▸ **TASK ITEM**
Beginning at the line containing "by rewrite /lift_top; coord_lia.", print every line until the records end, keeping each exactly as it is.

▸ **DATA FOR THE TASK**
Lemma linked_axis n i x y j : j < n ->
  (forall k, k < n -> k != j -> x k = y k) ->
  (forall t, minn (x j) (y j) <= t <= maxn (x j) (y j) -> fiber n i (upd x j t)) ->
  linked n i x y.
Proof.
move=> j_n xy_off seg.
have up a d : minn (x j) (y j) <= a -> a + d <= maxn (x j) (y j) ->
    linked n i (upd x j a) (upd x j (a + d)).
  elim: d => [|d IH] lo hi; first by rewrite addn0; apply: rst_refl.
  apply: rst_trans _ (IH lo _) (rst_step _); first lia.
  rewrite addnS; split; [apply: seg; lia | apply: seg; lia | exists j => //].
  by rewrite /upd eqxx; split=> [||k _ /negbTE ->] //; lia.
have ends : linked n i (upd x j (x j)) (upd x j (y j)).
  have [le|/ltnW le] := leqP (x j) (y j).
    by have := up (x j) (y j - x j); rewrite subnKC //; apply; lia.
  by apply: rst_sym; have := up (y j) (x j - y j); rewrite subnKC //; apply; lia.
have fib_x : fiber n i (upd x j (x j)) by apply: seg; lia.
have fib_y : fiber n i (upd x j (y j)) by apply: seg; lia.
have x_fx : linked n i x (upd x j (x j)).
  apply: rst_sym; apply: linked_eq_on fib_x _ => [|k _]; first lia.
  by rewrite /upd; case: eqP => [->|].
have fy_y : linked n i (upd x j (y j)) y.
  apply: linked_eq_on fib_y _ => [|k k_n]; first lia.
  by rewrite /upd; case: eqP => [->|/eqP /xy_off ->].
exact: rst_trans _ (rst_trans _ x_fx ends) fy_y.
Qed.

Lemma fiber_layer n i a b : 1 <= i <= m -> 3 <= n -> 1 <= a <= m.+1 -> 1 <= b <= m.+1 ->
  fiber n i (p3 a b i).
Proof. by move=> *; by_fiber_low. Qed.

(* [via w] walks in a straight line to the waypoint [w], checking that every point of
   the segment lies in the fiber by evaluating [f3]. *)
Ltac leg_along j :=
  apply: (@linked_axis _ _ _ _ j); rewrite /p3 /=;
  [ done
  | by move=> k k_lt3 k_j; coord_lia
  | move=> t t_seg; split; [by move=> k k_lt3; coord_lia | rewrite /upd /=; f3_lia] ].

Ltac leg := first [ leg_along 0 | leg_along 1 | leg_along 2 ].

Ltac via w := apply: (rst_trans w); first leg.

Lemma linked3_layer i a b : 1 <= i <= m -> 1 <= a <= m.+1 -> 1 <= b <= m.+1 ->
  linked 3 i (p3 a b i) (p3 1 1 i).
Proof. by move=> *; via (p3 1 b i); leg. Qed.

Lemma linked3_root i a b c : 1 <= i <= m -> a <= m.+1 -> b <= m.+1 -> c <= m.+1 ->
  f3 m a b c = i -> linked 3 i (p3 a b c) (p3 1 1 i).
Proof.
move=> i_m a_m b_m c_m; rewrite {1}/f3.
case: ifP => [bottom <-|not_bottom].
  have -> : c = 0 by lia.
  by via (p3 0 b 0); via (p3 0 b b); via (p3 1 b b); apply: linked3_layer; lia.
case: ifP => [top <-|not_top].
  have -> : c = m.+1 by lia.
  by via (p3 a 0 m.+1); via (p3 a 0 a); via (p3 a 1 a); apply: linked3_layer; lia.
case: ifP => [side_x <-|not_side_x].
  have -> : a = 0 by lia.
  by via (p3 0 b b); via (p3 1 b b); apply: linked3_layer; lia.
case: ifP => [side_y <-|not_side_y].
  have -> : b = 0 by lia.
  by via (p3 a 0 a); via (p3 a 1 a); apply: linked3_layer; lia.
case: ifP => [inner <-|outer]; first by apply: linked3_layer; lia.
move=> <-.
have edge0 u : u <= m.+1 -> linked 3 1 (p3 0 0 u) (p3 1 1 1).
  by move=> u_m; via (p3 0 0 1); via (p3 0 1 1); leg.
have edgeM : linked 3 1 (p3 m.+1 0 1) (p3 1 1 1).
  by via (p3 m.+1 1 1); apply: linked3_layer; lia.
have [c0|[cM|c_mid]] : c = 0 \/ c = m.+1 \/ 1 <= c <= m by lia.
- subst c.
  have [b0|[bM|[b_mid aM]]] : b = 0 \/ b = m.+1 \/ 1 <= b <= m /\ a = m.+1 by lia.
  + by subst b; via (p3 0 0 0); apply: edge0.
  + by subst b; via (p3 m.+1 m.+1 0); via (p3 m.+1 m.+1 1); apply: linked3_layer; lia.
  + by subst a; via (p3 m.+1 b 1); apply: linked3_layer; lia.
- subst c.
  have [a0|[aM|bM]] : a = 0 \/ a = m.+1 \/ b = m.+1 by lia.
  + by subst a; via (p3 0 0 m.+1); apply: edge0.
  + by subst a; via (p3 m.+1 0 m.+1); via (p3 m.+1 0 1); apply: edgeM.
  + by subst b; via (p3 0 m.+1 m.+1); via (p3 0 0 m.+1); apply: edge0.
- have [[-> ->]|[[-> ->]|[-> ->]]] :
    a = 0 /\ b = 0 \/ a = 0 /\ b = m.+1 \/ a = m.+1 /\ b = 0 by lia.
  + exact: edge0.
  + by via (p3 0 m.+1 1); via (p3 1 m.+1 1); apply: linked3_layer; lia.
  + by via (p3 m.+1 0 1); apply: edgeM.
Qed.

(* [fn m n.+1] reads a point of the top slab through [rot], which undoes [unrot]. *)
Definition lift_top n y := upd (unrot y) n m.+1.

Lemma fiber_upd_low n i y c : 3 <= n -> c <= m -> fiber n i y -> fiber n.+1 i (upd y n c).
Proof.
move=> n_ge3 c_m [box fy]; split.
  by move=> k k_n; have := box k; rewrite /upd; case: eqP => k_n'; lia.
rewrite fnS // {1}/upd eqxx c_m -fy; apply: fn_eq_on => k k_n.
by rewrite /upd (ltn_eqF k_n).
Qed.

Lemma near_upd n y z c : near n y z -> near n.+1 (upd y n c) (upd z n c).
Proof.
case=> j j_n [yz zy off]; exists j; first lia.
rewrite /upd (ltn_eqF j_n); split=> // k k_n k_j.
by case: eqP => // /eqP k_n'; apply: off => //; lia.
Qed.

Lemma linked_upd_low n i y z c : 3 <= n -> c <= m ->
  linked n i y z -> linked n.+1 i (upd y n c) (upd z n c).
Proof.
move=> n_ge3 c_m; apply: (linked_map (g := fun y => upd y n c)) => [x|x x'].
  exact: fiber_upd_low.
exact: near_upd.
Qed.

Lemma fiber_lift_top n i y : 3 <= n -> fiber n i y -> fiber n.+1 i (lift_top n y).
Proof.
move=> n_ge3 [box fy]; have := box 0; have := box 1 => y1 y0; split.
  by move=> k k_n; have := box k; rewrite /lift_top; coord_lia.
rewrite fnS // {1}/lift_top /upd eqxx ltnn -fy; apply: fn_eq_on => k k_n.
by rewrite /lift_top; coord_lia.
Qed.

Lemma near_unrot n y z : 2 <= n -> near n y z -> near n (unrot y) (unrot z).
Proof.
move=> n_ge2 [j j_n [yz zy off]].
have [j0|[j1|j_gt1]] : j = 0 \/ j = 1 \/ 1 < j by lia.
- subst j; exists 1 => //; rewrite /unrot /=; split; [lia | lia |].
  by move=> k k_n k_1; have := off k k_n; have := off 1; coord_lia.
- subst j; exists 0; rewrite /unrot /=; [lia | split; [lia | lia |]].
  by move=> k k_n k_0; have := off k k_n; have := off 0; coord_lia.
- exists j => //; rewrite /unrot (gtn_eqF j_gt1) (gtn_eqF (ltnW j_gt1)); split=> //.
  by move=> k k_n k_j; have := off k k_n; have := off 0; have := off 1; coord_lia.
Qed.

Lemma near_lift_top n y z : 2 <= n -> near n y z -> near n.+1 (lift_top n y) (lift_top n z).
Proof. by move=> n_ge2 yz; apply: near_upd; apply: near_unrot. Qed.

Lemma linked_lift_top n i y z : 3 <= n ->
  linked n i y z -> linked n.+1 i (lift_top n y) (lift_top n z).
Proof.
move=> n_ge3; apply: linked_map => [x|x x'].
  exact: fiber_lift_top.
by apply: near_lift_top; lia.
Qed.

Section InductiveStep.

Variables (n i : nat).
Hypotheses (i_m : 1 <= i <= m) (n_ge3 : 3 <= n).
Hypothesis linked_root_n : forall y, fiber n i y -> linked n i y (p3 1 1 i).

Lemma linked_root_low x : fiber n.+1 i x -> x n <= m -> linked n.+1 i x (p3 1 1 i).
Proof.
move=> [box fx] xn_m.
have fib_x : fiber n i x.
  by split; [move=> k k_n; apply: box; lia | rewrite -fx fnS // xn_m].
apply: (rst_trans (upd x n (x n))).
  by apply: linked_eq_on (conj box fx) _ => // k _; rewrite /upd; case: eqP => [->|].
apply: (rst_trans (upd (p3 1 1 i) n (x n))); first exact: linked_upd_low (linked_root_n fib_x).
apply: rst_sym; apply: (@linked_axis _ _ _ _ n) => //.
- by move=> k k_n k_n'; rewrite /upd (negbTE k_n').
- move=> t; rewrite /upd eqxx p3_high // => t_seg.
  by apply: fiber_upd_low; [| lia | apply: fiber_layer].
Qed.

▸ **ANSWER**
by rewrite /lift_top; coord_lia.
Qed.

Lemma near_unrot n y z : 2 <= n -> near n y z -> near n (unrot y) (unrot z).
Proof.
move=> n_ge2 [j j_n [yz zy off]].
have [j0|[j1|j_gt1]] : j = 0 \/ j = 1 \/ 1 < j by lia.
- subst j; exists 1 => //; rewrite /unrot /=; split; [lia | lia |].
  by move=> k k_n k_1; have := off k k_n; have := off 1; coord_lia.
- subst j; exists 0; rewrite /unrot /=; [lia | split; [lia | lia |]].
  by move=> k k_n k_0; have := off k k_n; have := off 0; coord_lia.
- exists j => //; rewrite /unrot (gtn_eqF j_gt1) (gtn_eqF (ltnW j_gt1)); split=> //.
  by move=> k k_n k_j; have := off k k_n; have := off 0; have := off 1; coord_lia.
Qed.

Lemma near_lift_top n y z : 2 <= n -> near n y z -> near n.+1 (lift_top n y) (lift_top n z).
Proof. by move=> n_ge2 yz; apply: near_upd; apply: near_unrot. Qed.

Lemma linked_lift_top n i y z : 3 <= n ->
  linked n i y z -> linked n.+1 i (lift_top n y) (lift_top n z).
Proof.
move=> n_ge3; apply: linked_map => [x|x x'].
  exact: fiber_lift_top.
by apply: near_lift_top; lia.
Qed.

Section InductiveStep.

Variables (n i : nat).
Hypotheses (i_m : 1 <= i <= m) (n_ge3 : 3 <= n).
Hypothesis linked_root_n : forall y, fiber n i y -> linked n i y (p3 1 1 i).

Lemma linked_root_low x : fiber n.+1 i x -> x n <= m -> linked n.+1 i x (p3 1 1 i).
Proof.
move=> [box fx] xn_m.
have fib_x : fiber n i x.
  by split; [move=> k k_n; apply: box; lia | rewrite -fx fnS // xn_m].
apply: (rst_trans (upd x n (x n))).
  by apply: linked_eq_on (conj box fx) _ => // k _; rewrite /upd; case: eqP => [->|].
apply: (rst_trans (upd (p3 1 1 i) n (x n))); first exact: linked_upd_low (linked_root_n fib_x).
apply: rst_sym; apply: (@linked_axis _ _ _ _ n) => //.
- by move=> k k_n k_n'; rewrite /upd (negbTE k_n').
- move=> t; rewrite /upd eqxx p3_high // => t_seg.
  by apply: fiber_upd_low; [| lia | apply: fiber_layer].
Qed.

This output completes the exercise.